PCI rework

Jesse Barnes jbarnes at virtuousgeek.org
Mon May 1 12:20:58 PDT 2006


On Monday, May 1, 2006 12:08 pm, Mark Kettenis wrote:
> Well, io port space is certainly the stuff with the most quirks.  Lots
> of PCI stuff abuses the "unused" high bits of an IO BAR to store other
> stuff.
>
> But no, I've seen a few PCI devices that have "normal" memory BAR's in
> nonstandard locations, i.e. at offset 0xe0 or 0xf0 in PCI config
> space.  The libpciaccess interface can only deal with the standard
> BARs at offsets 0x10 through 0x28.

Sounds pretty broken... which devices behave this way?  Do we care about 
them anymore?  And even if we do, it sounds like something that should 
be hidden from X.  The library or kernel could have quirks describing 
these special regions if we really need them.

> Anothor major flaw in the libpciaccess interface is that it doesn't
> allow the caller to specify a size for the mapping.  This is
> important, since a video driver might want to map only part of a
> region.

I can see how that might be useful in some cases, but I think we'll need 
examples to justify adding the feature to the interface.  Do you have 
any concrete ones?

> If the firmware properly initialized things, PCI config does give you
> enough information.

Nope, even when a firmware does things right you still may not have 
enough info.  Remember bus address space is unique on some platforms and 
you need the OS to tell you what physical address a given bus address 
corresponds to (likewise for physical->virtual mappings of course).

> X should only be looking at the PCI config space 
> for the graphics card.

X should only be looking at platform assigned resource addresses, not 
config space itself (except maybe on platforms that don't have a decent 
PCI layer, but again that should be hidden in the library).

> It certainly shouldn't need to walk PCI 
> bridges and assigning memory addresses.

I think everyone agrees with this statement. :)

> Ah, but you could make PCITAG a structure, and include that void *.

Sure, that's basically what Ian is doing with this interface change, 
making PCITAG into a real, useful structure rather than a strangely 
encoded number that can't properly handle PCI domains.

> > X shouldn't be working around buggy BIOSes.  If this knowledge
> > belongs anywhere, it's in the OS (or at the very least some sort of
> > fairly centralized library).
>
> You're probably right.  But you releaze that this means dropping
> support for operating systems that don't fix things up right.

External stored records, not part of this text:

(* Let $G$ be a discrete group, $X$ a finite proper $G$-CW-complex, $f\colon X\to X$ a $G$-map, $\Gamma=\Pi(G,X)$, $\phi=\Pi(G,f)$, $R$ a commutative ring, and $M=\bigoplus_{b\in B}R\Gamma(?,\beta(b))$ with $B$ finite and $\beta\colon B\to\mathrm{Ob}\,\Gamma$. For a conjugacy class $(H)$ of subgroups of $G$ let $M_H=\bigoplus_{b:\ \mathrm{tp}(\beta(b))=(H)}R\Gamma(?,\beta(b))$. Then every natural transformation $g\colon M\to M\circ\phi$ satisfies $g(M_H)\subseteq\bigoplus_{(K)\ge(H)}M_K\circ\phi$.
   Context: $\Pi(G,X)$: objects are $G$-maps $x\colon G/H\to X$, morphisms $x\to y$ ($y\colon G/K\to X$) are pairs $(\sigma,[w])$ with $\sigma\colon G/H\to G/K$ a $G$-map and $[w]$ the class rel $G/H\times\partial I$ of a $G$-map $w\colon G/H\times I\to X$ with $w_1=x$, $w_0=y\circ\sigma$; $\phi$ is composition with $f$. $R\Gamma$-modules are contravariant functors $\Gamma\to R$-modules; $R\Gamma(?,x)=R[\mathrm{Mor}_\Gamma(?,x)]$. The type of an object $x\colon G/H\to X$ is $\mathrm{tp}(x)=(H)$. On conjugacy classes of subgroups, $(H)\le(K)$ iff there exists a $G$-map $G/H\to G/K$. *)

From HB Require Import structures.
From mathcomp Require Import all_boot all_order all_algebra.
From mathcomp Require Import all_classical all_reals all_analysis.
From mathcomp Require Import Rstruct Rstruct_topology.
Import Order.TTheory GRing.Theory Num.Theory.

Set Implicit Arguments.
Unset Strict Implicit.
Unset Printing Implicit Defensive.

Local Open Scope classical_set_scope.
Local Open Scope ring_scope.

Definition Real : realType := Rdefinitions.R.

Definition unitI : set Real := `[0, 1].

Definition sqnorm n (e : 'rV[Real]_n) : Real := \sum_(i < n) e ord0 i ^+ 2.
Definition disk n : set 'rV[Real]_n := [set e | sqnorm e <= 1].
Definition odisk n : set 'rV[Real]_n := [set e | sqnorm e < 1].
Definition sphere n : set 'rV[Real]_n := [set e | sqnorm e = 1].
Arguments disk n _ : clear implicits.
Arguments odisk n _ : clear implicits.
Arguments sphere n _ : clear implicits.

Section Groups.
Context {G : groupType}.
Local Open Scope group_scope.

Definition is_subgroup (H : set G) : Prop :=
  [/\ H 1, (forall a b, H a -> H b -> H (a * b)) & (forall a, H a -> H a^-1)].

Definition lcoset (H : set G) (g : G) : set G := [set g * h | h in H].

Definition coset_space (H : set G) := {A : set G | exists g, A = lcoset H g}.

HB.instance Definition _ (H : set G) := gen_eqMixin (coset_space H).
HB.instance Definition _ (H : set G) := gen_choiceMixin (coset_space H).

Definition dcoset (H : set G) := discrete_topology (coset_space H).

Lemma lcoset_act (H : set G) (g g' : G) :
  [set g * a | a in lcoset H g'] = lcoset H (g * g').
Proof.
rewrite /lcoset; apply/seteqP; split => x /=.
- by case=> a [h Hh <-] <-; exists h => //; rewrite mulgA.
- case=> h Hh <-; exists (g' * h); first by exists h.
  by rewrite mulgA.
Qed.

Definition cact (H : set G) (g : G) (A : dcoset H) : dcoset H.
Proof.
exists [set g * a | a in sval A].
case: A => A [g' eA] /=; exists (g * g'); rewrite eA; exact: lcoset_act.
Defined.

Definition Gmapc (H K : set G) (s : dcoset H -> dcoset K) : Prop :=
  forall g a, s (cact g a) = cact g (s a).

Definition conj_subgroup (H : set G) (c : G) : set G := [set c * h * c^-1 | h in H].

(* (H) = (K): H and K are conjugate, i.e. define the same conjugacy class *)
Definition same_class (H K : set G) : Prop := exists c, K = conj_subgroup H c.

(* (H) <= (K) iff there exists a G-map G/H -> G/K *)
Definition class_le (H K : set G) : Prop := exists s : dcoset H -> dcoset K, Gmapc s.

End Groups.

Section GSpaces.
Context {G : groupType} {X : topologicalType} (act : G -> X -> X).
Local Open Scope group_scope.

Definition is_Gspace : Prop :=
  [/\ (forall x, act 1 x = x),
      (forall g h x, act (g * h) x = act g (act h x)) &
      (forall g, continuous (act g))].

(* X is a finite proper G-CW-complex: X is Hausdorff and has finitely many
   equivariant cells G/H_i x D^(n_i) with finite isotropy H_i, with
   characteristic G-maps Phi_i such that
   - the open cells Phi_i(G/H_i x int D^(n_i)) partition X (injectively),
   - the boundary of each cell lies in the union of cells of lower dimension,
   - X carries the weak (quotient) topology w.r.t. the Phi_i. *)
Definition finite_proper_GCW : Prop :=
  hausdorff_space X /\
  exists (I : finType) (H : I -> set G) (n : I -> nat)
         (Phi : forall i, (dcoset (H i) * 'rV[Real]_(n i))%type -> X),
  [/\ (forall i, is_subgroup (H i) /\ finite_set (H i)),
      (forall i, {within [set: dcoset (H i)] `*` disk (n i), continuous (Phi i)}),
      (forall i g a e, disk (n i) e -> Phi i (cact g a, e) = act g (Phi i (a, e))),
      (forall x, exists i a e, odisk (n i) e /\ Phi i (a, e) = x) &
    [/\
      (forall i j a b e e', odisk (n i) e -> odisk (n j) e' ->
         Phi i (a, e) = Phi j (b, e') ->
         existT (fun k => (dcoset (H k) * 'rV[Real]_(n k))%type) i (a, e) =
         existT (fun k => (dcoset (H k) * 'rV[Real]_(n k))%type) j (b, e')),
      (forall i a e, sphere (n i) e ->
         exists j b e', [/\ (n j < n i)%N, disk (n j) e' & Phi j (b, e') = Phi i (a, e)]) &
      (forall U : set X, open U <->
         forall i, exists V : set (dcoset (H i) * 'rV[Real]_(n i))%type,
           open V /\
           ([set: dcoset (H i)] `*` disk (n i)) `&` (Phi i @^-1` U) =
           ([set: dcoset (H i)] `*` disk (n i)) `&` V)]].

(* objects: G-maps x : G/H -> X (G/H discrete, so continuity is automatic) *)
Record obj := Obj {
  oH : set G;
  oH_sub : is_subgroup oH;
  omap : dcoset oH -> X;
  omap_equi : forall g a, omap (cact g a) = act g (omap a) }.

(* raw data (sigma, w) of a morphism x -> y *)
Definition premor (x y : obj) :=
  ((dcoset (oH x) -> dcoset (oH y)) * ((dcoset (oH x) * Real)%type -> X))%type.

Definition Gpath (H : set G) (w : (dcoset H * Real)%type -> X) : Prop :=
  {within [set: dcoset H] `*` unitI, continuous w} /\
  (forall g a t, unitI t -> w (cact g a, t) = act g (w (a, t))).

Definition valid_premor (x y : obj) (p : premor x y) : Prop :=
  [/\ Gmapc p.1, Gpath p.2,
      (forall a, p.2 (a, 1%R) = @omap x a) &
      (forall a, p.2 (a, 0%R) = @omap y (p.1 a))].

Definition htpy_rel (H : set G) (w w' : (dcoset H * Real)%type -> X) : Prop :=
  exists F : ((dcoset H * Real) * Real)%type -> X,
  [/\ {within ([set: dcoset H] `*` unitI) `*` unitI, continuous F},
      (forall g a t s, unitI t -> unitI s -> F ((cact g a, t), s) = act g (F ((a, t), s))),
      (forall q, unitI q.2 -> F (q, 0%R) = w q /\ F (q, 1%R) = w' q) &
      (forall a s, unitI s -> F ((a, 0%R), s) = w (a, 0%R) /\ F ((a, 1%R), s) = w (a, 1%R))].

Definition premor_rel (x y : obj) (p q : premor x y) : Prop :=
  p.1 = q.1 /\ htpy_rel p.2 q.2.

(* morphisms x -> y: classes (sigma, [w]), represented as the set of
   valid representatives *)
Definition mor_class (x y : obj) (p : premor x y) : set (premor x y) :=
  [set q | valid_premor q /\ premor_rel p q].

Definition is_mor (x y : obj) (C : set (premor x y)) : Prop :=
  exists p, valid_premor p /\ C = mor_class p.

Definition mor (x y : obj) := {C : set (premor x y) | is_mor C}.

HB.instance Definition _ (x y : obj) := gen_eqMixin (mor x y).
HB.instance Definition _ (x y : obj) := gen_choiceMixin (mor x y).

(* composition of representatives: (tau,[v]) o (sigma,[w]) = (tau sigma, [w * v sigma])
   where the composite path runs through w on [1/2,1] and v o sigma on [0,1/2] *)
Definition pcomp (x y z : obj) (q : premor y z) (p : premor x y) : premor x z :=
  (q.1 \o p.1,
   fun r => if (2^-1 <= r.2)%R then p.2 (r.1, 2 * r.2 - 1)%R
            else q.2 (p.1 r.1, 2 * r.2)%R).

Definition comp_set (x y z : obj) (D : set (premor y z)) (C : set (premor x y)) :
    set (premor x z) :=
  [set r | valid_premor r /\ exists p q, [/\ C p, D q & premor_rel (pcomp q p) r]].

End GSpaces.

Section Phi.
Context {G : groupType} {X : topologicalType} (act : G -> X -> X) (f : X -> X)
        (hf : forall g x, f (act g x) = act g (f x)).

Definition phi_obj (x : obj act) : obj act.
Proof.
refine (@Obj _ _ act (oH x) (oH_sub x) (f \o @omap _ _ act x) _).
by move=> g a /=; rewrite omap_equi hf.
Defined.

Definition phi_premor (x y : obj act) (p : premor x y) : premor (phi_obj x) (phi_obj y) :=
  (p.1, f \o p.2).

Definition phi_set (x y : obj act) (C : set (premor x y)) :
    set (premor (phi_obj x) (phi_obj y)) :=
  [set r | valid_premor r /\ exists p, C p /\ premor_rel (phi_premor p) r].

End Phi.

Section Module.
Context {G : groupType} {X : topologicalType} (act : G -> X -> X)
        {Rg : comPzRingType} {B : finType} (beta : B -> obj act).

(* basis of M(y): pairs (b, u) with u in Mor(y, beta b) *)
Definition key (y : obj act) := {b : B & mor y (beta b)}.

HB.instance Definition _ (y : obj act) := gen_eqMixin (key y).
HB.instance Definition _ (y : obj act) := gen_choiceMixin (key y).

(* elements of M(y) = finitely supported functions key y -> R *)
Definition finsupp (y : obj act) (m : key y -> Rg) : Prop :=
  finite_set [set k | m k != 0].

(* M(u) : M(z) -> M(y) for a morphism u : y -> z (given by its class U):
   the R-linear extension of (b, v) |-> (b, v o u) *)
Definition Mact (y z : obj act) (U : set (premor y z)) (m : key z -> Rg) : key y -> Rg :=
  fun k => \sum_(k' \in [set k' : key z |
       existT (fun b => set (premor y (beta b))) (projT1 k') (comp_set (sval (projT2 k')) U)
     = existT (fun b => set (premor y (beta b))) (projT1 k) (sval (projT2 k))]) m k'.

Not necessarily, support for those extremely simple (arguably broken) 
OSes could still be added to libpciaccess.

> There's 
> no way X can fix things up for you.  The same thing goes for new
> hardware that the OS doesn't know how to fix up yet.

Yeah, matching up driver vs. device release times is always a problem, 
not just for the OS, but for X, laptop vendors, etc., etc.  But I think 
it's really orthogonal to this discussion... pushing the problem of 
device knowledge onto the OS shouldn't make things any worse than the 
old situation of having X deal with it.

> > I'm talking about xf86MapDomainMemory vs. xf86MapPciMem, but it
> > sounds like we agree that it's a silly distinction.  PCI domains (or
> > segments in ACPI as you mention) need to be dealt with on a high
> > level.
>
> Something that should really be abstracted away by the OS.

Right.

> > Well, they're out there.  I don't really like the idea of userspace
> > drivers in general, but for certain devices a userspace driver is
> > the path of least resistance.  And there are quite a few of them out
> > there, mostly used for special purpose applications.
>
> Is there any hope these applications will adopt this new libpciaccess
> library and actually contribute back to it?  If not, thinking about
> libpciaccess as a third party library that the Xorg project doesn't
> have to maintain is just wishful thinking.

I think there's that potential, maybe Ian has been approached by other 
user level driver authors, I'm not sure.